Mi exmarido no imaginó en lo que me había convertido
Hay una versión de mí que mi exmarido nunca conoció. La mujer con la que estuvo casado doce años no sabía pedir lo que quería, se quedaba quieta en la oscuridad y esperaba a que él terminara. Esa mujer desapareció el día que Andrés hizo las maletas y se fue con Claudia, su nueva pareja, sin mirar atrás. Lo que vino después me costó descubrirlo, pero cuando lo hice, ya no hubo vuelta atrás.

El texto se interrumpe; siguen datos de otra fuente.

Definition is_prime (p : M) : Prop :=
  ~ is_unit p /\ forall a b : M, divides p (mop a b) -> divides p a \/ divides p b.

Definition mprod (s : seq M) : M := foldr (@mop M) (@mone M) s.

Definition mpow (a : M) (n : nat) : M := iter n (mop a) (@mone M).

(* k \in L(a): a is (up to a unit) a product of k atoms. *)
Definition lengths (a : M) (k : nat) : Prop :=
  exists s : seq M, size s = k /\ (forall x, List.In x s -> is_atom x) /\
    exists u, is_unit u /\ a = mop u (mprod s).

(* BF-monoid (in the standing setting of unit-cancellative monoids). *)
Definition BF_monoid : Prop :=
  unit_cancellative /\
  forall a : M, (exists k, lengths a k) /\ (exists N, forall k, lengths a k -> (k <= N)%N).

Definition Uk (k l : nat) : Prop := exists a : M, lengths a k /\ lengths a l.

Definition factorial_monoid : Prop :=
  is_cmonoid /\ cancellative /\
  forall a : M, ~ is_unit a ->
    exists s : seq M, (forall x, List.In x s -> is_prime x) /\ a = mprod s.

(* locally finitely generated: for every a, the divisor-closed submonoid
   [[a]] = {b | b divides some a^n} is finitely generated modulo units. *)
Definition locally_fin_gen : Prop :=
  forall a : M, exists gens : seq M,
    (forall g, List.In g gens -> exists n, divides g (mpow a n)) /\
    forall b : M, (exists n, divides b (mpow a n)) ->
      exists s : seq M, (forall x, List.In x s -> List.In x gens) /\
        exists u, is_unit u /\ b = mop u (mprod s).
End MonoidNotions.

Definition monoid_hom (H B : monoid_struct) (f : H -> B) : Prop :=
  (forall a b, f (mop a b) = mop (f a) (f b)) /\ f (@mone H) = @mone B.

Definition divisor_hom (H D : monoid_struct) (f : H -> D) : Prop :=
  monoid_hom f /\ forall a b, divides (f a) (f b) -> divides a b.

Definition is_Krull (B : monoid_struct) : Prop :=
  is_cmonoid B /\ cancellative B /\
  exists D : monoid_struct, factorial_monoid D /\ exists f : B -> D, divisor_hom f.
(* A general binary quartic $p\in H_4(\mathbb{C}^2)$ can be written as $$p(x,y) = (t_1x^2+t_2xy+t_3y^2)^2 + (t_4x+t_5y)^4, \qquad t_i\in\mathbb{C},$$ in exactly six different ways. Moreover, the set of the six resulting ratios $t_5/t_4\in\mathbb{C}\cup\{\infty\}$ is the image of the set $\{0,\infty,1,-1,i,-i\}$ under a Möbius transformation.
   Context: $H_d(\mathbb{C}^n)$ denotes the complex vector space of homogeneous polynomials of degree $d$ in $n$ variables. ''A general $p$ has property P'' means P holds for all $p$ in a nonempty Zariski-open subset of $H_d(\mathbb{C}^n)$. Two representations are considered the same if they agree up to replacing the quadratic form by its negative and replacing the linear form $\ell$ by $\zeta\ell$ with $\zeta^4=1$. *)

From HB Require Import structures.
From mathcomp Require Import all_boot all_order all_algebra.
Set Implicit Arguments. Unset Strict Implicit. Unset Printing Implicit Defensive.
Import Order.TTheory GRing.Theory Num.Theory.
Local Open Scope ring_scope.

(* A binary quartic p in H_4(C^2) is given by its 5 coefficients a : 'I_5 -> C:
   p(x,y) = sum_{i<5} a_i x^(4-i) y^i. *)
Definition qeval (C : numClosedFieldType) (a : 'I_5 -> C) (x y : C) : C :=
  \sum_(i < 5) a i * x ^+ (4 - i) * y ^+ i.

(* Polynomials in 5 variables (the coordinates a_0..a_4 of H_4(C^2)),
   as iterated univariate polynomials. *)
Definition poly5 (C : numClosedFieldType) :=
  {poly {poly {poly {poly {poly C}}}}}.

Definition eval5 (C : numClosedFieldType) (f : poly5 C) (a : 'I_5 -> C) : C :=
  ((((f.[(a (inord 4))%:P%:P%:P%:P]).[(a (inord 3))%:P%:P%:P]).[(a (inord 2))%:P%:P]).[(a (inord 1))%:P]).[a (inord 0)].

(* "A general p has property P": P holds on a nonempty Zariski-open subset of
   H_4(C^2), i.e. on a basic open set {a | f(a) <> 0} for a nonzero polynomial f. *)
Definition general (C : numClosedFieldType) (P : ('I_5 -> C) -> Prop) : Prop :=
  exists f : poly5 C, f != 0 /\ forall a, eval5 f a != 0 -> P a.

(* t : 'I_5 -> C encodes (t_1,...,t_5) as (t 0, ..., t 4). *)
Definition represents (C : numClosedFieldType) (a t : 'I_5 -> C) : Prop :=
  forall x y : C,
    qeval a x y =
      (t (inord 0) * x ^+ 2 + t (inord 1) * x * y + t (inord 2) * y ^+ 2) ^+ 2
      + (t (inord 3) * x + t (inord 4) * y) ^+ 4.
(* Let $\mathbb{E}$ be a finitely complete category, $\Sigma$ a fibrational class of split epimorphisms, and suppose $\mathbb{E}$ is a $\Sigma$-Mal'tsev category. If a monomorphism $m\colon U\rightarrowtail X$ is normal to a $\Sigma$-equivalence relation $S$ on $X$, then the object $U$ is $\Sigma$-special. If moreover $\mathbb{E}$ is $\Sigma$-protomodular, then a monomorphism $m$ is normal to at most one $\Sigma$-equivalence relation.
   Context: A split epimorphism is a pair $(f,s)$ with $fs=1$. A class $\Sigma$ of split epimorphisms is fibrational if it contains all split epimorphisms $(f,s)$ with $f$ invertible and is stable under pullback along any morphism. A pair of morphisms with common codomain $Z$ is jointly extremally epic if it factors jointly through no non-invertible monomorphism into $Z$. $\mathbb{E}$ is $\Sigma$-Mal'tsev if for every split epimorphism $(f,s)\colon X\rightleftarrows Y$ in $\Sigma$ and every split epimorphism $(g,t)$ with $g\colon Y'\to Y$, letting $X'=Y'\times_YX$, $s'=(1_{Y'},sg)$, $\bar t=(tf,1_X)$, the pair $(s',\bar t)$ is jointly extremally epic. A $\Sigma$-relation is a reflexive relation $(d_0,d_1)\colon S\rightarrowtail X\times X$ with reflexivity $s_0$ such that $(d_0,s_0)\in\Sigma$; a $\Sigma$-equivalence relation is an equivalence relation which is a $\Sigma$-relation. An object $U$ is $\Sigma$-special when the kernel relation of $U\to 1$, namely $U\times U$ with its projections and the diagonal, is a $\Sigma$-relation. A monomorphism $m\colon U\rightarrowtail X$ is normal to an equivalence relation $S$ on $X$ when $m^{-1}(S)=U\times U$ (the indiscrete relation) and both commutative squares $d_i^S\circ\tilde m=m\circ p_i$ ($i=0,1$), where $\tilde m\colon U\times U\to S$ is the induced morphism, are pullbacks. A split epimorphism $(f,s)\colon X\rightleftarrows Y$ is strongly split when for every morphism $y\colon\bar Y\to Y$, with $x\colon\bar Y\times_YX\to X$ the pullback projection, the pair $(x,s)$ is jointly extremally epic; $\mathbb{E}$ is $\Sigma$-protomodular when every split epimorphism in $\Sigma$ is strongly split. *)

Set Implicit Arguments.
Unset Strict Implicit.

Record Category := {
  Ob :> Type;
  Hom : Ob -> Ob -> Type;
  idm : forall X : Ob, Hom X X;
  comp : forall X Y Z : Ob, Hom Y Z -> Hom X Y -> Hom X Z;
  comp_assoc : forall (W X Y Z : Ob) (h : Hom Y Z) (g : Hom X Y) (f : Hom W X),
      comp h (comp g f) = comp (comp h g) f;
  comp_id_l : forall (X Y : Ob) (f : Hom X Y), comp (idm Y) f = f;
  comp_id_r : forall (X Y : Ob) (f : Hom X Y), comp f (idm X) = f
}.

Arguments idm {c} X.
Arguments comp {c X Y Z} _ _.
Arguments Hom {c} _ _.
Notation "g \o f" := (comp g f) (at level 40, left associativity).

Section Cat.
Variable C : Category.

Definition is_mono {U X : C} (m : Hom U X) : Prop :=
  forall (T : C) (a b : Hom T U), m \o a = m \o b -> a = b.

Definition is_iso {X Y : C} (f : Hom X Y) : Prop :=
  exists g : Hom Y X, g \o f = idm X /\ f \o g = idm Y.

Definition is_terminal (T : C) : Prop :=
  forall X : C, exists f : Hom X T, forall g : Hom X T, g = f.

Definition is_pullback {X Y Z P : C} (f : Hom X Z) (g : Hom Y Z)
    (p1 : Hom P X) (p2 : Hom P Y) : Prop :=
  f \o p1 = g \o p2 /\
  forall (Q : C) (q1 : Hom Q X) (q2 : Hom Q Y), f \o q1 = g \o q2 ->
    exists u : Hom Q P, p1 \o u = q1 /\ p2 \o u = q2 /\
      forall v : Hom Q P, p1 \o v = q1 -> p2 \o v = q2 -> v = u.

Definition is_product {X Y P : C} (p0 : Hom P X) (p1 : Hom P Y) : Prop :=
  forall (Q : C) (q0 : Hom Q X) (q1 : Hom Q Y),
    exists u : Hom Q P, p0 \o u = q0 /\ p1 \o u = q1 /\
      forall v : Hom Q P, p0 \o v = q0 -> p1 \o v = q1 -> v = u.

Definition finitely_complete : Prop :=
  (exists T : C, is_terminal T) /\
  (forall (X Y Z : C) (f : Hom X Z) (g : Hom Y Z),
     exists (P : C) (p1 : Hom P X) (p2 : Hom P Y), is_pullback f g p1 p2).

Definition split_class (Sigma : forall X Y : C, Hom X Y -> Hom Y X -> Prop) : Prop :=
  forall (X Y : C) (f : Hom X Y) (s : Hom Y X), Sigma X Y f s -> f \o s = idm Y.

Definition fibrational (Sigma : forall X Y : C, Hom X Y -> Hom Y X -> Prop) : Prop :=
  (forall (X Y : C) (f : Hom X Y) (s : Hom Y X),
      f \o s = idm Y -> is_iso f -> Sigma X Y f s) /\
  (forall (X Y Y' X' : C) (f : Hom X Y) (s : Hom Y X) (h : Hom Y' Y)
          (f' : Hom X' Y') (h' : Hom X' X) (s' : Hom Y' X'),
      Sigma X Y f s ->
      is_pullback h f f' h' ->
      f' \o s' = idm Y' -> h' \o s' = s \o h ->
      Sigma X' Y' f' s').

Definition jointly_extremally_epic {A B Z : C} (a : Hom A Z) (b : Hom B Z) : Prop :=
  forall (M : C) (m : Hom M Z), is_mono m ->
    (exists a' : Hom A M, m \o a' = a) ->
    (exists b' : Hom B M, m \o b' = b) ->
    is_iso m.
(* Let $F,\Gamma$ be convergence spaces and $R\subseteq F\times\Gamma$ a relation that is closed in the product convergence, and fix a subset $A\subseteq R$. Suppose $H:\Gamma\to\Gamma$ satisfies $(f,H(\gamma))\in R$ for all $(f,\gamma)\in A$. If $H$ is continuous at $\gamma\in\Gamma$, then for every $f\in F$, $$(f,\gamma)\in\overline{A}\ \Rightarrow\ (f,H(\gamma))\in R.\qquad(1)$$ Suppose moreover that $(f,H(\gamma))\in A$ (rather than just $R$) for all $(f,\gamma)\in A$, and that $(f,H(\gamma))\in R$ implies $(f,\gamma)\in R$. If $H$ is continuous at $\gamma$, and $(f,\gamma)\in\overline{A}$ for every $f\in F_{\overline A}$ such that $(f,\gamma)\in R$, then for every $f\in F$, $$(f,\gamma)\in\overline{A}\ \Leftrightarrow\ (f,H(\gamma))\in\overline{A}.\qquad(2)$$
   Context: A net is a map $I\to X$ from a directed set $I$; $(y_j)_{j\in J}$ is a subnet of $(x_i)_{i\in I}$ if for each $i_0\in I$ there is $j_0\in J$ with $\{y_j\}_{j\ge j_0}\subseteq\{x_i\}_{i\ge i_0}$. A convergence space is a set with a relation $(x_i)\to x$ between nets and points such that: constant nets converge to their value; if $(x_i)\to x$ then every subnet converges to $x$; if $(x_i)_{i\in I}\to x$, $(y_i)_{i\in I}\to x$ and $z_i\in\{x_i,y_i\}$ for all $i$, then $(z_i)\to x$. The product convergence on $F\times\Gamma$: $((f_i,\gamma_i))\to(f,\gamma)$ iff $(f_i)\to f$ and $(\gamma_i)\to\gamma$. For a subset $B$, $\overline{B}$ is the set of limits of nets with values in $B$, and $B$ is closed if $\overline B=B$. $H$ is continuous at $\gamma$ if $(\gamma_i)\to\gamma$ implies $(H(\gamma_i))\to H(\gamma)$. For a relation $B\subseteq F\times\Gamma$, $F_B=\{f\in F:\exists\gamma,\ (f,\gamma)\in B\}$. *)

Set Implicit Arguments.

Record directed_set : Type := DirectedSet {
  dcarrier :> Type;
  dle : dcarrier -> dcarrier -> Prop;
  dle_refl : forall i, dle i i;
  dle_trans : forall i j k, dle i j -> dle j k -> dle i k;
  dle_directed : forall i j, exists k, dle i k /\ dle j k;
  dinhabited : inhabited dcarrier
}.

Definition subnet {X : Type} (I J : directed_set) (x : I -> X) (y : J -> X) : Prop :=
  forall i0 : I, exists j0 : J, forall j : J, dle J j0 j ->
    exists i : I, dle I i0 i /\ y j = x i.

Record convergence_space : Type := ConvergenceSpace {
  cs_carrier :> Type;
  cs_conv : forall I : directed_set, (I -> cs_carrier) -> cs_carrier -> Prop;
  cs_const : forall (I : directed_set) (x : cs_carrier), cs_conv I (fun _ => x) x;
  cs_subnet : forall (I J : directed_set) (x : I -> cs_carrier) (y : J -> cs_carrier)
      (l : cs_carrier), cs_conv I x l -> @subnet cs_carrier I J x y -> cs_conv J y l;
  cs_mix : forall (I : directed_set) (x y z : I -> cs_carrier) (l : cs_carrier),
      cs_conv I x l -> cs_conv I y l -> (forall i, z i = x i \/ z i = y i) ->
      cs_conv I z l
}.

Definition prod_conv (F G : convergence_space) (I : directed_set)
  (n : I -> F * G) (p : F * G) : Prop :=
  cs_conv F I (fun i => fst (n i)) (fst p) /\ cs_conv G I (fun i => snd (n i)) (snd p).

Definition prod_closure (F G : convergence_space) (B : F * G -> Prop) (p : F * G) : Prop :=
  exists (I : directed_set) (n : I -> F * G),
    (forall i, B (n i)) /\ prod_conv F G I n p.

Definition prod_closed (F G : convergence_space) (B : F * G -> Prop) : Prop :=
  forall p, prod_closure F G B p <-> B p.

Definition continuous_at (G : convergence_space) (H : G -> G) (g : G) : Prop :=
  forall (I : directed_set) (n : I -> G), cs_conv G I n g ->
    cs_conv G I (fun i => H (n i)) (H g).

Definition first_proj {F G : Type} (B : F * G -> Prop) (f : F) : Prop :=
  exists g, B (f, g).


(* Applying [id x H] to a net of [A] converging to [(f, g)] gives, by continuity
   of [H] at [g], a net converging to [(f, H g)] whose points lie in [R]
   (resp. in [A]); the converse in (2) goes through the closedness of [R] and
   the hypothesis that [R (f, H g)] implies [R (f, g)]. *)

Section ProdClosure.

Context {F G : convergence_space}.

Lemma prod_closure_sub {B C : F * G -> Prop} :
  (forall p, B p -> C p) ->
  forall p, prod_closure F G B p -> prod_closure F G C p.
Proof.
  intros BC p [I [n [Bn conv]]].
  exists I, n. split; [intro i; apply BC, Bn | exact conv].
Qed.

Lemma prod_closed_closure_sub {B R : F * G -> Prop} :
  prod_closed F G R -> (forall p, B p -> R p) ->
  forall p, prod_closure F G B p -> R p.
Proof.
  intros Rcl BR p Bp. apply (proj1 (Rcl p)).
  exact (prod_closure_sub BR p Bp).
Qed.

Lemma prod_closure_map_snd {B C : F * G -> Prop} {H : G -> G} {g : G} :
  (forall f g', B (f, g') -> C (f, H g')) ->
  continuous_at G H g ->
  forall f, prod_closure F G B (f, g) -> prod_closure F G C (f, H g).
Proof.
  intros BC Hcont f [I [n [Bn [conv_fst conv_snd]]]].
  exists I, (fun i => (fst (n i), H (snd (n i)))). split.
  - intro i. apply BC. specialize (Bn i). destruct (n i). exact Bn.
  - split; simpl.
    + exact conv_fst.
    + apply Hcont. exact conv_snd.
Qed.

End ProdClosure.

Theorem theorem3p1 (F G : convergence_space) (R A : F * G -> Prop)
  (H : G -> G) (g : G) :
  prod_closed F G R ->
  (forall p, A p -> R p) ->
  ((forall f g', A (f, g') -> R (f, H g')) ->
   continuous_at G H g ->
   forall f : F, prod_closure F G A (f, g) -> R (f, H g))
  /\
  ((forall f g', A (f, g') -> A (f, H g')) ->
   (forall f g', R (f, H g') -> R (f, g')) ->
   continuous_at G H g ->
   (forall f : F, first_proj (prod_closure F G A) f -> R (f, g) ->
      prod_closure F G A (f, g)) ->
   forall f : F, prod_closure F G A (f, g) <-> prod_closure F G A (f, H g)).
Proof.
  intros Rcl AR. split.
  - intros AHR Hcont f Af.
    apply (proj1 (Rcl (f, H g))).
    exact (prod_closure_map_snd AHR Hcont f Af).
  - intros AHA RH Hcont closure_of_R f. split.
    + exact (prod_closure_map_snd AHA Hcont f).
    + intros AfH. apply closure_of_R.
      * exists (H g). exact AfH.
      * apply RH. exact (prod_closed_closure_sub Rcl AR _ AfH).
Qed.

Así que, cuando se me ocurrió la idea, la disfruté incluso antes de ejecutarla. Lo llamé un martes por la tarde y le dije que se había dejado en casa una de sus camisetas favoritas. Era mentira, claro. No quedaba nada suyo entre estas paredes desde hacía meses, pero él no lo sabía.
—Pásate a buscarla cuando salgas del trabajo —le dije con una calma que no sentía—. Y quédate a cenar, te lo debo por las molestias.
Aceptó demasiado rápido. Esto va a ser más fácil de lo que pensaba.
Cuidé cada detalle. Elegí un conjunto de lencería color rosa que me quedaba como una segunda piel y, encima, un vestido azul oscuro que terminaba un palmo por encima de la rodilla y tenía un escote que no dejaba mucho a la imaginación. Me miré al espejo y sonreí. La señora insegura de la que él se había aburrido ya no estaba ahí.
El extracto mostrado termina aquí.